TASK GOAL: What lines in the records below hold the string "which"? Please show them.
------------------------------------------------
(* If $\gamma=0$, then for $u_1,\dots,u_n\in\mathcal B$, $R_n[X(u_1),\dots,X(u_n)]=\langle a^-(u_1)a^0(u_2)\cdots a^0(u_{n-1})a^+(u_n)\Omega,\Omega\rangle_{\gamma,\phi}$.
   Context: Let $\mathcal B$ be a unital $*$-algebra with star-linear maps $\phi:\mathcal B\to\mathbb C$, $\gamma:\mathcal B\to\mathcal B$, $\Lambda:\mathcal B\otimes_{alg}\mathcal B\to\mathcal B$, where $\phi$ is positive and faithful and $\gamma+\phi$ is completely positive, with $(\gamma+\phi)[b]:=\gamma[b]+\phi[b]1_{\mathcal B}$. Assume $\phi[v^*\Lambda(b\otimes u)]=\phi[\Lambda(b^*\otimes v)^*u]$ and $\gamma[v^*\Lambda(b\otimes u)]=\gamma[\Lambda(b^*\otimes v)^*u]$ for all $b,u,v$. On $\mathcal F_{alg}(\mathcal B)=\mathbb C\Omega\oplus\bigoplus_{n\ge1}\mathcal B^{\otimes n}$ use the form $\langle\Omega,\Omega\rangle_{\gamma,\phi}=1$, $\langle u_1\otimes\cdots\otimes u_n,v_1\otimes\cdots\otimes v_k\rangle_{\gamma,\phi}=\delta_{n=k}\phi[v_n^*(\gamma+\phi)[v_{n-1}^*\cdots(\gamma+\phi)[v_1^*u_1]\cdots u_{n-1}]u_n]$. For $b\in\mathcal B$: $a^+(b)\Omega=b$, $a^+(b)(u_1\otimes\cdots\otimes u_n)=b\otimes u_1\otimes\cdots\otimes u_n$; $a^-(b)\Omega=0$, $a^-(b)u_1=\phi[bu_1]\Omega$, $a^-(b)(u_1\otimes\cdots\otimes u_n)=(\gamma+\phi)[bu_1]u_2\otimes\cdots\otimes u_n$ ($n\ge2$); $a^0(b)\Omega=0$, $a^0(b)(u_1\otimes\cdots\otimes u_n)=\Lambda(b\otimes u_1)\otimes u_2\otimes\cdots\otimes u_n$; $X(b)=a^+(b)+a^-(b)+a^0(b)$. Free cumulants $R_k$ with respect to $\psi(A)=\langle A\Omega,\Omega\rangle_{\gamma,\phi}$ are defined by $\psi[Y_1\cdots Y_n]=\sum_{\pi\in\mathrm{NC}(n)}\prod_{V\in\pi}R_{|V|}[Y_{V(1)},\dots,Y_{V(|V|)}]$, $\mathrm{NC}(n)$ the noncrossing partitions of $\{1,\dots,n\}$. *)

From HB Require Import structures.
From mathcomp Require Import all_boot all_order all_algebra.
From mathcomp Require Export reals complex.
Set Implicit Arguments. Unset Strict Implicit. Unset Printing Implicit Defensive.
Import Order.TTheory GRing.Theory Num.Theory.
Local Open Scope ring_scope.

Definition is_star_algebra (C : numClosedFieldType) (B : algType C) (star : B -> B) :=
  [/\ forall x, star (star x) = x,
      forall (a : C) (x y : B), star (a *: x + y) = a^* *: star x + star y
    & forall x y : B, star (x * y) = star y * star x].

Definition star_linear_functional (C : numClosedFieldType) (B : algType C)
    (star : B -> B) (phi : B -> C) :=
  (forall (a : C) (x y : B), phi (a *: x + y) = a * phi x + phi y) /\
  (forall x, phi (star x) = (phi x)^*).

Definition star_linear_map (C : numClosedFieldType) (B : algType C)
    (star : B -> B) (T : B -> B) :=
  (forall (a : C) (x y : B), T (a *: x + y) = a *: T x + T y) /\
  (forall x, T (star x) = star (T x)).

(* Lambda : B (x)_alg B -> B, given through its (bilinear) restriction to
   elementary tensors Lam b c = Lambda (b (x) c); star-linearity w.r.t. the
   involution (b (x) c)^* = b^* (x) c^* on B (x) B. *)
Definition star_linear_bimap (C : numClosedFieldType) (B : algType C)
    (star : B -> B) (Lam : B -> B -> B) :=
  [/\ forall (a : C) (x y z : B), Lam (a *: x + y) z = a *: Lam x z + Lam y z,
      forall (a : C) (x y z : B), Lam z (a *: x + y) = a *: Lam z x + Lam z y
    & forall x y, star (Lam x y) = Lam (star x) (star y)].

Definition positive_functional (C : numClosedFieldType) (B : algType C)
    (star : B -> B) (phi : B -> C) := forall b, 0 <= phi (star b * b).

Definition faithful_functional (C : numClosedFieldType) (B : algType C)
    (star : B -> B) (phi : B -> C) := forall b, phi (star b * b) = 0 -> b = 0.

Definition positive_elt (C : numClosedFieldType) (B : algType C)
    (star : B -> B) (x : B) := exists s : seq B, x = \sum_(c <- s) star c * c.

Definition gp (C : numClosedFieldType) (B : algType C)
    (phi : B -> C) (gamma : B -> B) (b : B) : B := gamma b + phi b *: 1.

Definition completely_positive (C : numClosedFieldType) (B : algType C)
    (star : B -> B) (T : B -> B) :=
  forall (n : nat) (b c : 'I_n -> B),
    positive_elt star
      (\sum_(i < n) \sum_(j < n) star (c i) * T (star (b i) * b j) * c j).

Definition Lambda_symmetric (C : numClosedFieldType) (B : algType C)
    (star : B -> B) (Lam : B -> B -> B) (f : B -> B) :=
  forall b u v : B, f (star v * Lam b u) = f (star (Lam (star b) v) * u).

Definition Lambda_symmetric_fun (C : numClosedFieldType) (B : algType C)
    (star : B -> B) (Lam : B -> B -> B) (f : B -> C) :=
  forall b u v : B, f (star v * Lam b u) = f (star (Lam (star b) v) * u).

(* A vector of F_alg(B) is represented by a formal finite linear combination
   of elementary tensors: (c, [:: u_1; ...; u_n]) stands for
   c (u_1 (x) ... (x) u_n), and the empty word stands for Omega. *)
Definition fock (C : numClosedFieldType) (B : algType C) := seq (C * seq B).
Definition op (C : numClosedFieldType) (B : algType C) := fock B -> fock B.

Definition Omega (C : numClosedFieldType) (B : algType C) : fock B := [:: (1, [::])].

(* linear extension of an action on elementary tensors *)
Definition lift_op (C : numClosedFieldType) (B : algType C)
    (f : seq B -> fock B) : op B :=
  fun v => flatten [seq [seq (t.1 * s.1, s.2) | s <- f t.2] | t <- v].

Definition aplus_w (C : numClosedFieldType) (B : algType C) (b : B) (w : seq B) : fock B :=
  [:: (1, b :: w)].

Definition aminus_w (C : numClosedFieldType) (B : algType C)
    (phi : B -> C) (gamma : B -> B) (b : B) (w : seq B) : fock B :=
  match w with
  | [::] => [::]
  | [:: u1] => [:: (phi (b * u1), [::])]
  | u1 :: u2 :: r => [:: (1, (gp phi gamma (b * u1) * u2) :: r)]
  end.

Definition azero_w (C : numClosedFieldType) (B : algType C)
    (Lam : B -> B -> B) (b : B) (w : seq B) : fock B :=
  match w with
  | [::] => [::]
  | u1 :: r => [:: (1, Lam b u1 :: r)]
  end.

Definition aplus (C : numClosedFieldType) (B : algType C) (b : B) : op B :=
  lift_op (aplus_w b).
Definition aminus (C : numClosedFieldType) (B : algType C)
    (phi : B -> C) (gamma : B -> B) (b : B) : op B :=
  lift_op (aminus_w phi gamma b).
Definition azero (C : numClosedFieldType) (B : algType C)
    (Lam : B -> B -> B) (b : B) : op B :=
  lift_op (azero_w Lam b).

(* X(b) = a^+(b) + a^-(b) + a^0(b)   (concatenation = sum of formal sums) *)
Definition Xop (C : numClosedFieldType) (B : algType C)
    (phi : B -> C) (gamma : B -> B) (Lam : B -> B -> B) (b : B) : op B :=
  fun v => aplus b v ++ aminus phi gamma b v ++ azero Lam b v.

(* <u_1 .. u_n, v_1 .. v_k> = delta_{n=k}
     phi[v_n^* (g+p)[v_{n-1}^* ... (g+p)[v_1^* u_1] ... u_{n-1}] u_n],
   and <Omega, Omega> = 1 *)
Definition word_form (C : numClosedFieldType) (B : algType C)
    (star : B -> B) (phi : B -> C) (gamma : B -> B) (u v : seq B) : C :=
  if size u != size v then 0 else
  match u, v with
  | u1 :: us, v1 :: vs =>
      phi (foldl (fun x p => star p.2 * gp phi gamma x * p.1)
                 (star v1 * u1) (zip us vs))
  | _, _ => 1
  end.

Definition fock_form (C : numClosedFieldType) (B : algType C)
    (star : B -> B) (phi : B -> C) (gamma : B -> B) (x y : fock B) : C :=
  \sum_(s <- x) \sum_(t <- y) s.1 * (t.1)^* * word_form star phi gamma s.2 t.2.

Definition psi (C : numClosedFieldType) (B : algType C)
    (star : B -> B) (phi : B -> C) (gamma : B -> B) (A : op B) : C :=
  fock_form star phi gamma (A (Omega B)) (Omega B).

(* operator product Y_1 Y_2 ... Y_n (Y_n acts first) *)
Definition prod_op (C : numClosedFieldType) (B : algType C) (s : seq (op B)) : op B :=
  foldr (fun f g => f \o g) id s.

Definition noncrossing (n : nat) (P : {set {set 'I_n}}) : bool :=
  ~~ [exists V in P, exists W in P, exists a : 'I_n, exists b : 'I_n,
        exists c : 'I_n, exists d : 'I_n,
        [&& V != W, (a < b)%N, (b < c)%N, (c < d)%N,
            a \in V, c \in V, b \in W & d \in W]].

Definition NCpart (n : nat) (P : {set {set 'I_n}}) : bool :=
  partition P [set: 'I_n] && noncrossing P.

(* Rc : seq (op B) -> C is the family of free cumulants (R_k applied to a list
   of length k) of the functional ps: the moment-cumulant relation
   ps[Y_1 ... Y_n] = sum_{pi in NC(n)} prod_{V in pi} R_{|V|}[Y_V] holds. *)
Definition free_cumulants (C : numClosedFieldType) (B : algType C)
    (ps : op B -> C) (Rc : seq (op B) -> C) :=
  forall (n : nat) (Y : 'I_n -> op B),
    ps (prod_op [seq Y i | i <- enum 'I_n]) =
    \sum_(P : {set {set 'I_n}} | NCpart P) \prod_(V in P) Rc [seq Y i | i <- enum V].

From HB Require Import structures.
From mathcomp Require Import all_boot all_order all_algebra.
From mathcomp Require Import reals complex.
From mathcomp Require Import zify.
Set Implicit Arguments. Unset Strict Implicit. Unset Printing Implicit Defensive.
Import Order.TTheory GRing.Theory Num.Theory.
Local Open Scope ring_scope.

(* With gamma = 0, the Omega-coefficient of X(v_k) ... X(v_1) applied to a word s
   obeys a three-term recursion: X(v_1) creates a letter, annihilates the first
   letter of s, or merges with it through Lam.  Regard the letters of s as points
   that have been created but not yet annihilated; the amplitude is then a sum over
   noncrossing partitions without singletons in which these open points lie in
   distinct blocks, a block b_1 < ... < b_k weighing
   phi[b_1 Lam(b_2, ... Lam(b_{k-1}, b_k))].  The recursion is matched on the
   partition side by classifying the block of the point p just before the open
   ones: either p is itself open, or {p, p+1} is a block (annihilation), or p and
   p+1 share a larger block, which is collapsed to a single point (preservation).
   For s empty this writes the moments psi[X(w_1) ... X(w_n)] as a sum of products
   of block weights over NC(n); the moment-cumulant relation then identifies, by
   induction on n, the cumulant R_n with the weight of the one-block partition,
   which is the right-hand side. *)

Section VacuumExpectation.
Variables (C : numClosedFieldType) (B : algType C).
Variables (phi : B -> C) (gamma : B -> B) (Lam : B -> B -> B).
Hypothesis gamma0 : forall b, gamma b = 0.

Definition omega_coord (v : fock B) : C := \sum_(t <- v) t.1 * (t.2 == [::])%:R.

Lemma psiE (star : B -> B) (A : op B) :
  psi star phi gamma A = omega_coord (A (Omega B)).
Proof.
rewrite /psi /fock_form /omega_coord; apply: eq_bigr => -[c w] _.
by rewrite big_seq1 /= conjC1 mulr1; case: w.
Qed.

Lemma prod_op_rcons (L : seq (op B)) (f : op B) (v : fock B) :
  prod_op (rcons L f) v = prod_op L (f v).
Proof. by elim: L => //= g L ->. Qed.

Lemma sum_lift_op (g : seq B -> fock B) (H : seq B -> C) (v : fock B) :
  \sum_(q <- lift_op g v) q.1 * H q.2 = \sum_(t <- v) t.1 * \sum_(q <- g t.2) q.1 * H q.2.
Proof.
elim: v => [|t v IH]; first by rewrite !big_nil.
have -> : lift_op g (t :: v) = [seq (t.1 * q.1, q.2) | q <- g t.2] ++ lift_op g v by [].
rewrite big_cat IH big_cons big_map mulr_sumr; congr (_ + _).
by apply: eq_bigr => q _; rewrite mulrA.
Qed.

(* The Omega-coefficient of X(v_k) ... X(v_1) s when gamma = 0; the three
   summands come from a^+(v_1), a^-(v_1) and a^0(v_1). *)
Fixpoint vacuum_amplitude (v s : seq B) : C :=
  match v with
  | [::] => (s == [::])%:R
  | b :: v' =>
      vacuum_amplitude v' (b :: s)
      + match s with
        | [::] => 0
        | [:: t] => phi (b * t) * vacuum_amplitude v' [::]
        | t :: t2 :: r => vacuum_amplitude v' (phi (b * t) *: t2 :: r)
        end
      + if s is t :: r then vacuum_amplitude v' (Lam b t :: r) else 0
  end.

Lemma omega_coord_prod_Xop (w : seq B) (v : fock B) :
  omega_coord (prod_op (map (Xop phi gamma Lam) w) v)
  = \sum_(t <- v) t.1 * vacuum_amplitude (rev w) t.2.
Proof.
elim/last_ind: w v => [|w b IH] v; first by [].
rewrite map_rcons prod_op_rcons IH rev_rcons /Xop !big_cat /= !sum_lift_op.
rewrite -!big_split /=; apply: eq_bigr => -[c s] _ /=.
rewrite -!mulrDr; congr (_ * _).
case: s => [|x [|y r]]; rewrite /= ?big_nil ?big_seq1 /= ?mul1r ?addr0 ?addrA //.
by rewrite /gp gamma0 add0r -scalerAl mul1r.
Qed.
------------------------------------------------
RESPONSE TO THE TASK:
   noncrossing partitions without singletons in which these open points lie in
   p+1 share a larger block, which is collapsed to a single point (preservation).
   which is the right-hand side. *)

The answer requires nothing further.